(Task input Opens)

(* Every LTL-satisfiable $\mathrm{THT}^{1}(\mathsf X,\mathsf R)$ formula has a minimal LTL model. Likewise, every LTL-satisfiable $\mathrm{THT}_1$ formula has a minimal LTL model.
   Context: Fix a finite set $P$ of atomic propositions. Formulas over $P$: $\varphi ::= p \mid \bot \mid \varphi\vee\varphi \mid \varphi\wedge\varphi \mid \varphi\rightarrow\varphi \mid \mathsf{X}\varphi \mid \varphi\,\mathsf{U}\,\varphi \mid \varphi\,\mathsf{R}\,\varphi$, with $\neg\varphi:=\varphi\rightarrow\bot$, and the modalities $\mathsf F\varphi$ and $\mathsf G\varphi$ with the meaning of $\top\mathsf U\varphi$ and $\bot\mathsf R\varphi$. An LTL interpretation is an infinite word $T$ over $2^P$. $T\models_{LTL}\varphi$ denotes standard LTL satisfaction at position $0$ (classical implication). A formula is LTL-satisfiable if it has an LTL model. For LTL interpretations, $H\sqsubset T$ means $H(i)\subseteq T(i)$ for all $i$ and $H\ne T$. A minimal LTL model of $\varphi$ is an LTL model $T$ of $\varphi$ such that no $H\sqsubset T$ satisfies $H\models_{LTL}\varphi$. $\mathrm{THT}^{1}(\mathsf X,\mathsf R)$ is the set of formulas whose only temporal modalities are $\mathsf X$ and $\mathsf R$ and whose implication height (maximal nesting of $\rightarrow$, with negation counting as an implication) is at most $1$. $\mathrm{THT}_1$ is the set of formulas (all modalities $\mathsf X,\mathsf U,\mathsf R,\mathsf F,\mathsf G$ allowed) with no nesting of temporal modalities. *)

From mathcomp Require Import all_boot.
Set Implicit Arguments. Unset Strict Implicit. Unset Printing Implicit Defensive.

Section LTL.
Variable P : finType.

Inductive form : Type :=
| Atom : P -> form
| Bot : form
| Or : form -> form -> form
| And : form -> form -> form
| Imp : form -> form -> form
| Next : form -> form
| Until : form -> form -> form
| Release : form -> form -> form.

Definition Neg (f : form) : form := Imp f Bot.
Definition Top : form := Imp Bot Bot.
Definition Eventually (f : form) : form := Until Top f.
Definition Always (f : form) : form := Release Bot f.

Definition interp := nat -> {set P}.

(Task input Closes)

## What the task asks
Check each line above for the string "Until" and copy those that have it.

## Response box
| Until : form -> form -> form
Definition Eventually (f : form) : form := Until Top f.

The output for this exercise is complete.